▸ TASK GOAL
Tell me how many lines in the entries below contain the word "finite"; reply with the number and nothing else.

▸ MATERIAL SHOWN
(* Let $G=(V,E,w)$ be a weighted graph with graph distance $d_G$, let $\mathcal{U}\subseteq V$ be a patch with injective coordinate map $\phi\colon\mathcal{U}\to\mathbb{R}^q$, let $v_0\in\mathcal{U}$, $\gamma\ge 0$ and $C>0$, and let $f\colon V\to\mathbb{R}$ satisfy $f\in C^\gamma_G(C,v_0)$ (defined below). Let $\tau\subseteq\mathcal{U}$ be a cluster with $v_0\in\tau$, and let $\psi_{j,k}$ be a samplet associated with $\tau$, i.e. $\psi_{j,k}=\sum_{\ell=1}^{|\tau|}\omega_{j,k}^{(\ell)}\delta_{\phi(v_\ell)}$, where $\tau=\{v_1,\dots,v_{|\tau|}\}$, with real weights satisfying $\sum_{\ell=1}^{|\tau|}(\omega_{j,k}^{(\ell)})^2=1$ and having vanishing moments up to order $\lfloor\gamma\rfloor$, i.e. $\sum_{\ell=1}^{|\tau|}\omega_{j,k}^{(\ell)}\,\phi(v_\ell)^{\boldsymbol\alpha}=0$ for every multi-index $\boldsymbol\alpha\in\mathbb{N}_0^q$ with $|\boldsymbol\alpha|\le\lfloor\gamma\rfloor$. Then \[ |\langle \psi_{j,k},f\circ\phi^{-1}\rangle|\le C \max_{v\in\mathcal{U}} d_G(v,v_0)^\gamma \sqrt{|\tau|}, \] where $\langle \psi_{j,k},g\rangle:=\sum_{\ell=1}^{|\tau|}\omega_{j,k}^{(\ell)}g(\phi(v_\ell))$.
   Context: $G=(V,E,w)$ is a weighted graph with finite vertex set $V$, edge set $E$ and nonnegative edge weights $w$; $d_G$ denotes the graph (shortest weighted path) distance. The vertex set is partitioned into patches, each patch $\mathcal{U}$ being equipped with a unique chart, i.e. an injective coordinate map $\phi\colon\mathcal{U}\to\mathbb{R}^q$. For $\mathbf{x}\in\mathbb{R}^q$ and a multi-index $\boldsymbol\beta$, $\mathbf{x}^{\boldsymbol\beta}=\prod_i x_i^{\beta_i}$. Definition of the class: for $v_0\in\mathcal{U}$ (with $(\mathcal{U},\phi)$ the chart containing $v_0$), $\gamma\ge0$, $C>0$, a function $f\colon V\to\mathbb{R}$ belongs to $C^\gamma_G(C,v_0)$ if there exist real coefficients $(c_{\boldsymbol\beta})_{|\boldsymbol\beta|\le\lfloor\gamma\rfloor}$ with $\sum_{|\boldsymbol\beta|=\lfloor\gamma\rfloor}|c_{\boldsymbol\beta}|\neq 0$ such that \[ \Big|f(v)-\sum_{|\boldsymbol\beta|\le\lfloor\gamma\rfloor}c_{\boldsymbol\beta}\big(\phi(v)-\phi(v_0)\big)^{\boldsymbol\beta}\Big|\le C\, d_G(v,v_0)^\gamma\quad\text{for every } v\in\mathcal{U}. \] A cluster is a subset of the patch $\mathcal{U}$ (a node of a hierarchical cluster tree on $\phi(\mathcal{U})$); $\delta_{\mathbf{z}}$ denotes the Dirac measure at $\mathbf{z}\in\mathbb{R}^q$. *)

From HB Require Import structures.
From mathcomp Require Import all_boot all_order all_algebra.
From mathcomp Require Import all_classical all_reals all_analysis.
Set Implicit Arguments. Unset Strict Implicit. Unset Printing Implicit Defensive.
Import Order.TTheory GRing.Theory Num.Theory.
Local Open Scope ring_scope.

(* Weighted graph G = (V, E, w): finite vertex set V, edge relation E,
   weights w (nonnegativity is a hypothesis of the theorem). *)

Definition walk_length (R : realType) (V : finType) (w : V -> V -> R)
  (u : V) (p : seq V) : R := \sum_(x <- pairmap w u p) x.

(* graph (shortest weighted path) distance, +oo if no path exists *)
Definition graph_dist (R : realType) (V : finType) (E : rel V) (w : V -> V -> R)
  (u v : V) : \bar R :=
  ereal_inf [set (walk_length w u p)%:E | p in [set p : seq V | path E u p /\ last u p = v]].

(* multi-indices beta in N_0^q with entries <= m (those with |beta| <= m are all of this form) *)
Definition mindex (q m : nat) := {ffun 'I_q -> 'I_m.+1}.
Definition mabs (q m : nat) (b : mindex q m) : nat := \sum_(i < q) (b i : nat).

Definition mono (R : realType) (q m : nat) (x : 'rV[R]_q) (b : mindex q m) : R :=
  \prod_(i < q) x ord0 i ^+ (b i).

Definition Cgamma (R : realType) (V : finType) (E : rel V) (w : V -> V -> R)
  (q : nat) (U : {set V}) (phi : V -> 'rV[R]_q) (gamma C : R) (v0 : V)
  (f : V -> R) : Prop :=
  let m := Num.truncn gamma in
  exists c : mindex q m -> R,
    (\sum_(b : mindex q m | (mabs b == m)%N) `|c b| != 0) /\
    forall v, v \in U ->
      ((`|f v - \sum_(b : mindex q m | (mabs b <= m)%N) c b * mono (phi v - phi v0) b|)%:E
        <= C%:E * poweR (graph_dist E w v v0) gamma)%E.

From HB Require Import structures.
From mathcomp Require Import all_boot all_order all_algebra.
From mathcomp Require Import all_classical all_reals all_analysis.
From mathcomp Require Import ring zify.
Import Order.TTheory GRing.Theory Num.Theory.
Local Open Scope ring_scope.

(* Writing P for the Taylor polynomial of f at v0, each P (phi v) is a
   polynomial of degree at most floor(gamma) in the coordinates of phi v, so
   the vanishing moments of the samplet annihilate it.  Hence
   <psi, f o phi^-1> = sum_v omega v (f v - P v), where every
   |f v - P v| <= C d_G(v, v0)^gamma, and the l1-l2 Cauchy-Schwarz bound
   sum_v |omega v| <= sqrt(|tau|) (sum_v omega v^2)^(1/2) = sqrt(|tau|)
   concludes. *)

Section SumNormSqrt.
Variables (R : rcfType) (I : finType) (A : {pred I}) (x : I -> R).

Lemma sqr_sum_norm_le :
  (\sum_(i in A) `|x i|) ^+ 2 <= #|A|%:R * \sum_(i in A) x i ^+ 2.
Proof.
have sqr_norm i : `|x i| ^+ 2 = x i ^+ 2 by rewrite real_normK ?num_real.
have sum_sqr : \sum_(i in A) \sum_(j in A) (x i ^+ 2 + x j ^+ 2)
    = (#|A|%:R * \sum_(i in A) x i ^+ 2) *+ 2.
  rewrite (eq_bigr (fun i => x i ^+ 2 *+ #|A| + \sum_(j in A) x j ^+ 2)).
    by rewrite big_split /= sumr_const sumrMnl mulr_natl mulr2n.
  by move=> i _; rewrite big_split /= sumr_const.
have sum_prod : \sum_(i in A) \sum_(j in A) `|x i| * `|x j|
    = (\sum_(i in A) `|x i|) ^+ 2.
  by rewrite expr2 mulr_suml; under [RHS]eq_bigr do rewrite mulr_sumr.
have : 0 <= \sum_(i in A) \sum_(j in A) (`|x i| - `|x j|) ^+ 2.
  by do 2![apply: sumr_ge0 => ? _]; exact: sqr_ge0.
have -> : \sum_(i in A) \sum_(j in A) (`|x i| - `|x j|) ^+ 2
    = \sum_(i in A) \sum_(j in A) (x i ^+ 2 + x j ^+ 2)
      - (\sum_(i in A) \sum_(j in A) `|x i| * `|x j|) *+ 2.
  rewrite -sumrMnl -sumrB; apply: eq_bigr => i _.
  rewrite -sumrMnl -sumrB; apply: eq_bigr => j _.
  by rewrite sqrrB !sqr_norm; ring.
by rewrite sum_sqr sum_prod -mulrnBl pmulrn_lge0 // subr_ge0.
Qed.

Lemma sum_norm_le_sqrt :
  \sum_(i in A) `|x i| <= Num.sqrt (#|A|%:R * \sum_(i in A) x i ^+ 2).
Proof.
rewrite -(ger0_norm (sumr_ge0 _ (fun i _ => normr_ge0 (x i)))) -sqrtr_sqr.
exact/ler_wsqrtr/sqr_sum_norm_le.
Qed.
End SumNormSqrt.

Lemma norm_weighted_sum_le (R : rcfType) (I : finType) (A : {pred I})
    (omega h : I -> R) (B : R) :
  0 <= B -> (forall i, i \in A -> `|h i| <= B) ->
  `|\sum_(i in A) omega i * h i|
    <= B * Num.sqrt (#|A|%:R * \sum_(i in A) omega i ^+ 2).
Proof.
move=> B_ge0 h_le; apply: le_trans (ler_norm_sum _ _ _) _.
apply: le_trans (_ : \sum_(i in A) `|omega i| * B <= _).
  by apply: ler_sum => i Ai; rewrite normrM ler_wpM2l ?h_le.
by rewrite -mulr_suml mulrC ler_wpM2l // sum_norm_le_sqrt.
Qed.

Section VanishingMoments.
Variables (R : realType) (V : finType) (tau : {set V}) (omega : V -> R).
Variables (q m : nat) (phi : V -> 'rV[R]_q).
Hypothesis moments_eq0 : forall alpha : mindex q m, (mabs alpha <= m)%N ->
  \sum_(v in tau) omega v * mono (phi v) alpha = 0.

Lemma moment_prod_poly_eq0 (p : 'I_q -> {poly R}) :
  (\sum_i (size (p i)).-1 <= m)%N ->
  \sum_(v in tau) omega v * \prod_i (p i).[phi v ord0 i] = 0.
Proof.
move=> deg_p.
(* Expanding each p i up to degree m turns the product into a combination of
   monomials indexed by mindex q m, and a monomial of total degree > m has a
   coefficient beyond the degree of some p i. *)
have size_p i : (size (p i) <= m.+1)%N.
  apply: leq_trans (leqSpred _) _; rewrite ltnS.
  by apply: leq_trans deg_p; rewrite (bigD1 i) //= leq_addr.
have expand v : \prod_i (p i).[phi v ord0 i]
    = \sum_(b : mindex q m) (\prod_i (p i)`_(b i)) * mono (phi v) b.
  rewrite (eq_bigr _ (fun i _ => horner_coef_wide (phi v ord0 i) (size_p i))).
  rewrite bigA_distr_bigA /=; apply: eq_bigr => b _.
  by rewrite -big_split.
under eq_bigr do rewrite expand mulr_sumr.
rewrite exchange_big /=; apply: big1 => b _.
under eq_bigr do rewrite mulrCA.
rewrite -mulr_sumr.
have [small_b | big_b] := leqP (mabs b) m; first by rewrite moments_eq0 ?mulr0.
have [i coef_eq0] : exists i, (size (p i) <= b i)%N.
  apply/existsP; apply: contraTT big_b.
  rewrite negb_exists -leqNgt => /forallP b_small.
  apply: leq_trans deg_p; apply: leq_sum => i _.
  by move: (b_small i); rewrite -ltnNge; lia.
suff /eqP -> : \prod_i (p i)`_(b i) == 0 by rewrite mul0r.
by apply/prodf_eq0; exists i => //; rewrite nth_default.
Qed.

Lemma moment_shifted_mono_eq0 (y : 'rV[R]_q) (b : mindex q m) :
  (mabs b <= m)%N -> \sum_(v in tau) omega v * mono (phi v - y) b = 0.
Proof.
move=> small_b.
have deg : (\sum_i (size (('X - (y ord0 i)%:P) ^+ b i)).-1 <= m)%N.
  by under eq_bigr do rewrite size_exp_XsubC.
rewrite -[RHS](moment_prod_poly_eq0 _ deg).
apply: eq_bigr => v _; congr (_ * _).
by apply: eq_bigr => i _; rewrite horner_exp hornerXsubC !mxE.
Qed.

Lemma moment_taylor_eq0 (y : 'rV[R]_q) (c : mindex q m -> R) :
  \sum_(v in tau) omega v *
    \sum_(b : mindex q m | (mabs b <= m)%N) c b * mono (phi v - y) b = 0.
Proof.
under eq_bigr do rewrite mulr_sumr.
rewrite exchange_big /=; apply: big1 => b small_b.
under eq_bigr do rewrite mulrCA.
by rewrite -mulr_sumr moment_shifted_mono_eq0 ?mulr0.
Qed.

End VanishingMoments.

Theorem proposition4p1 (R : realType) (V : finType) (E : rel V) (w : V -> V -> R)
  (hw : forall u v, 0 <= w u v)
  (q : nat) (U : {set V}) (phi : V -> 'rV[R]_q) (phi_inj : {in U &, injective phi})
  (v0 : V) (gamma C : R) (hgamma : 0 <= gamma) (hC : 0 < C)
  (f : V -> R) (hf : Cgamma E w U phi gamma C v0 f)
  (tau : {set V}) (htauU : tau \subset U) (hv0 : v0 \in tau)
  (omega : V -> R)
  (hnorm : \sum_(v in tau) omega v ^+ 2 = 1)
  (hmom : forall alpha : mindex q (Num.truncn gamma),
     (mabs alpha <= Num.truncn gamma)%N ->
     \sum_(v in tau) omega v * mono (phi v) alpha = 0)
  (g : 'rV[R]_q -> R) (hg : forall v, v \in U -> g (phi v) = f v) :
  ((`|\sum_(v in tau) omega v * g (phi v)|)%:E
    <= C%:E * (\big[maxe/-oo]_(v in U) poweR (graph_dist E w v v0) gamma)
       * (Num.sqrt (#|tau|%:R))%:E)%E.
Proof.
case: hf => c [_ taylor_err].
set m := Num.truncn gamma in c taylor_err hmom.
set P := fun v =>
  \sum_(b : mindex q m | (mabs b <= m)%N) c b * mono (phi v - phi v0) b.
have tauU v : v \in tau -> v \in U by exact: (fintype.subsetP htauU).
set M := (\big[maxe/-oo]_(v in U) _)%E.
have dist_le_M v : v \in U -> (poweR (graph_dist E w v v0) gamma <= M)%E.
  by move=> vU; exact: le_bigmax_cond.
have M_ge0 : (0 <= M)%E.
  by apply: le_trans (dist_le_M v0 (tauU _ hv0)); exact: poweR_ge0.
have card_gt0 : (0 < #|tau|)%N by apply/card_gt0P; exists v0.
case: M dist_le_M M_ge0 => [M| |] // dist_le_M M_ge0; last first.
  by rewrite gt0_muley ?lte_fin // gt0_mulye ?lte_fin ?sqrtr_gt0 ?ltr0n ?leey.
rewrite -!EFinM lee_fin.
have -> : \sum_(v in tau) omega v * g (phi v)
    = \sum_(v in tau) omega v * (f v - P v).
  under [RHS]eq_bigr do rewrite mulrBr.
  rewrite sumrB moment_taylor_eq0 // subr0.
  by apply: eq_bigr => v v_tau; rewrite hg ?tauU.
have -> : #|tau|%:R = #|tau|%:R * \sum_(v in tau) omega v ^+ 2 :> R.
  by rewrite hnorm mulr1.
apply: norm_weighted_sum_le.
  by rewrite mulr_ge0 ?(ltW hC) -?lee_fin.
move=> v v_tau; rewrite -lee_fin EFinM.
apply: le_trans (taylor_err v (tauU _ v_tau)) _.
by rewrite lee_pmul2l ?lte_fin // dist_le_M ?tauU.
Qed.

▸ RESPONSE
2